Among the other possibilities being floated is a reallocation of some of the portables now on the Ilima Intermediate School campus to Campbell use and whether Kapolei and Waipahu high schools could take a limited number of Campbell students through a district exception.

State Sen. Will Espero, who represents the area, is advocating other innovations that seem promising. He believes that some Campbell students could largely leave campus by participating in an online-learning pilot project, forming a kind of e-school "academy."

In Waipahu, there’s the Hawaii Technology Academy, a K-12 charter school that’s having success with its own distance-learning program. Some of that experience could provide a model for Campbell.

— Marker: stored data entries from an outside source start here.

Lemma picard_limit_close n x :
  Rabs (picard_limit x - picard_iterate n x) <= 4 * (1/2) ^ n.
Proof.
  pose proof (proj1 (is_lim_seq_incr_n _ n _) (is_lim_seq_picard_limit x)) as Hl.
  apply (is_lim_seq_le (fun k => Rabs (picard_iterate (k + n) x - picard_iterate n x))
                       (fun _ => 4 * (1/2) ^ n)
                       (Rabs (picard_limit x - picard_iterate n x)) (4 * (1/2) ^ n)).
  - intros k. apply picard_iterate_cauchy. lia.
  - apply (is_lim_seq_abs _ (picard_limit x - picard_iterate n x)).
    apply (is_lim_seq_minus' _ _ _ _ Hl (is_lim_seq_const _)).
  - apply is_lim_seq_const.
Qed.

Lemma admissible_picard_limit : admissible picard_limit.
Proof.
  split.
  - intros x. apply continuity_pt_filterlim.
    apply (CVU_continuity picard_iterate picard_limit x (mkposreal 1 Rlt_0_1)).
    + intros eps Heps.
      destruct (half_pow_eventually_lt (eps / 4)) as [N HN]; [lra |].
      exists N. intros n y Hn _. specialize (HN n Hn).
      pose proof (picard_limit_close n y). lra.
    + intros n y _. apply continuity_pt_filterlim, admissible_picard_iterate.
    + unfold Boule. rewrite Rminus_diag, Rabs_R0. simpl. lra.
  - intros x. apply (Rle_of_le_add_half_pow _ _ 4). intros n.
    pose proof (picard_limit_close n x).
    destruct (admissible_picard_iterate n) as [_ Hb]. specialize (Hb x).
    pose proof (Rabs_triang_inv (picard_limit x) (picard_iterate n x)). lra.
Qed.

Lemma picard_limit_fixed x : T picard_limit x = picard_limit x.
Proof.
  apply Rminus_diag_uniq, Rabs_eq_0, Rle_antisym; [| apply Rabs_pos].
  apply (Rle_of_le_add_half_pow _ _ 4). intros n.
  pose proof (picard_limit_close (S n) x) as Hclose.
  change (picard_iterate (S n)) with (T (picard_iterate n)) in Hclose.
  rewrite <- tech_pow_Rmult in Hclose.
  assert (Hcontr : Rabs (T picard_limit x - T (picard_iterate n) x) <= 4 * (1/2) ^ n / 2)
    by (apply T_contraction; [apply admissible_picard_limit | apply admissible_picard_iterate
                             | apply picard_limit_close]).
  replace (T picard_limit x - picard_limit x)
    with ((T picard_limit x - T (picard_iterate n) x)
          + - (picard_limit x - T (picard_iterate n) x)) by ring.
  eapply Rle_trans; [apply Rabs_triang |]. rewrite Rabs_Ropp. lra.
Qed.

Lemma contraction_fixpoint : exists U, admissible U /\ forall x, T U x = U x.
Proof. exists picard_limit. split; [apply admissible_picard_limit | apply picard_limit_fixed]. Qed.

End ContractionFixpoint.

Definition primitive (M : R) (U : R -> R) (r : R) : R := M + RInt U 0 r.

Lemma primitive_0 M U : primitive M U 0 = M.
Proof. unfold primitive. rewrite RInt_point. apply Rplus_0_r. Qed.

Lemma is_derive_primitive M U x :
  (forall y, continuous U y) -> is_derive (primitive M U) x (U x).
Proof.
  intros HU. unfold primitive. rewrite <- (Rplus_0_l (U x)).
  apply (is_derive_plus (K := R_AbsRing) (V := R_NormedModule) (fun _ => M)).
  - exact (is_derive_const (K := R_AbsRing) (V := R_NormedModule) M x).
  - apply is_derive_RInt_0; auto.
Qed.

Lemma continuous_primitive M U x :
  (forall y, continuous U y) -> continuous (primitive M U) x.
Proof.
  intros HU. apply (ex_derive_continuous (K := R_AbsRing) (V := R_NormedModule)).
  eexists. apply is_derive_primitive; auto.
Qed.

Finally, Espero added, as the University of Hawaii at West Oahu develops, a laboratory school on that campus could both help train the new teachers and accommodate some of the region’s excess enrollment, while plans to build new public schools continue to progress. Both of these ideas are worth further discussion.

The population boom in West Oahu was bound to produce strains, particularly as economic disruptions cause the area to grow in fits and starts. The DOE needs to be nimble in how it proceeds, and plans that are adaptable rather than rigid deserve support.